With conference season in full-swing, I swear that every writer friend of mine has spent the last few months formulating pitches, cranking out synopses, and strategizing about which publishing house is best or which agent they think is the prettiest. They come home from a conference PUMPED, then they send out submissions and their inbox becomes their mortal enemy. Those of you playing at home can experience the misery, too. Just query a dozen agents and wait for the fun to begin. You’ll get a ride on a rickety roller coaster, the wooden kind that rocks from side to side and makes you regret that second corn dog like crazy. If you’re new at this, you get to go on the same ride, except you get to feel like you’re getting over the stomach flu. You need advice, you crave war stories. You want to know that there’s a teeny-tiny chance that this will be worthwhile.
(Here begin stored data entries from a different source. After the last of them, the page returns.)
(* Let $P_d$ be the left path on $d$ vertices (each vertex except the last is the parent of the next via a left-child edge), with all edges contiguous, and let $x,x'$ be two distinct vertices of $P_d$. Let $(P,e)$ be any tree pattern, and let $Q$ and $Q'$ be the tree patterns obtained from $(P_d,1\cdots1)$ by attaching $(P,e)$ as the right subtree of $x$, respectively of $x'$, via a non-contiguous edge. Then $Q$ and $Q'$ are Wilf-equivalent.
   Context: $\mathcal{T}_n$ is the set of binary trees on $n$ vertices labeled $1,\dots,n$ by the search tree property (labels of a combined tree are reassigned by this property). $c_L,c_R,p$: left child, right child, parent. A tree pattern is $(P,e)$, $P\in\mathcal{T}_k$, $e\colon[k]\setminus\{\text{root}\}\to\{0,1\}$; the edge $(i,p(i))$ is contiguous if $e(i)=1$, non-contiguous if $e(i)=0$. $T\in\mathcal{T}_n$ contains $(P,e)$ if there is an injection $f\colon[k]\to[n]$ such that for every non-root $i$ of $P$: if $e(i)=1$, $f(i)$ is the left (resp. right) child of $f(p(i))$ when $i$ is the left (resp. right) child of $p(i)$; if $e(i)=0$, $f(i)$ lies in the left (resp. right) subtree of $f(p(i))$. $\mathcal{T}_n(Q)$ is the set of avoiders of $Q$. $Q,Q'$ are Wilf-equivalent if $|\mathcal{T}_n(Q)|=|\mathcal{T}_n(Q')|$ for all $n\ge0$. *)

From mathcomp Require Import all_boot.
From Stdlib Require Import ClassicalEpsilon.
Set Implicit Arguments. Unset Strict Implicit. Unset Printing Implicit Defensive.

(* Unlabelled binary tree shapes; labels 1..n are determined by the search
   tree property (in-order), so a tree in T_n is just a shape with n nodes. *)
Inductive btree := Leaf | Node of btree & btree.

Fixpoint bsize (t : btree) : nat :=
  if t is Node l r then (bsize l + bsize r).+1 else 0.

(* Vertices of a tree are named by their address from the root:
   false = go to left child, true = go to right child.
   The parent of [rcons a b] is [a]; it is the left child if b = false. *)
Fixpoint nodes (t : btree) : seq (seq bool) :=
  if t is Node l r then
    [::] :: map (cons false) (nodes l) ++ map (cons true) (nodes r)
  else [::].

Fixpoint trees_upto (h : nat) : seq btree :=
  if h is h'.+1 then
    Leaf :: [seq Node lr.1 lr.2 | lr <- [seq (l, r) | l <- trees_upto h', r <- trees_upto h']]
  else [:: Leaf].

Definition trees (n : nat) : seq btree :=
  [seq t <- trees_upto n | bsize t == n].

(* A tree pattern (P, e): e gives, for every non-root vertex a of P,
   whether the edge (a, parent a) is contiguous (true) or not (false).
   Values of e at the root / non-vertices are irrelevant. *)
Record pattern := Pattern { pat_tree : btree; pat_e : seq bool -> bool }.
The first novel I wrote is Bring Me Back. That book is and will always be my baby. It is Karen on a plate. I went through months and months of querying and submitting. I did my first in-person pitches with that book, which scared the crap out of me, even though it was so exciting to have an agent say to my FACE, “I’d like to see the full.” My final tally was 89 agent rejections, or non-answers, which are the worst–you always wonder if they ever got your submission in the first place. Note to agents: YOU WILL SAVE YOURSELF AND AUTHORS A LOT OF MISERY IF YOU USE AUTOREPLY. Thank you. I had an additional 5 publisher rejections and 1 acceptance, from Turquoise Morning Press, who went on to publish the book and its sequel, as well as (insert shameless plug here) my latest book, Hiding in the Spotlight.
Most authors have an awesome rejection story (which tells you what masochists we all are). A personalized rejection that said to you, “Oh my God. I’m on to something here.” Sure, it was a “no”, but it was an amazing “no” brimming with wonderful words about your writing. Followed by a “no”. I had two of those on Bring Me Back, the most memorable of which was from an agent who stayed up all night reading my book. She said she couldn’t put it down. It was by far her favorite slush-pile submission of the year, perfectly polished, with characters that stuck with her. BUT, she didn’t think she could sell it. It was too cross-genre, I was an unproven writer, and worst of all, Mercury was in retrograde. That was that.
I thanked her in the acknowledgments of my book, because even when I felt like quitting, that rejection told me to keep going.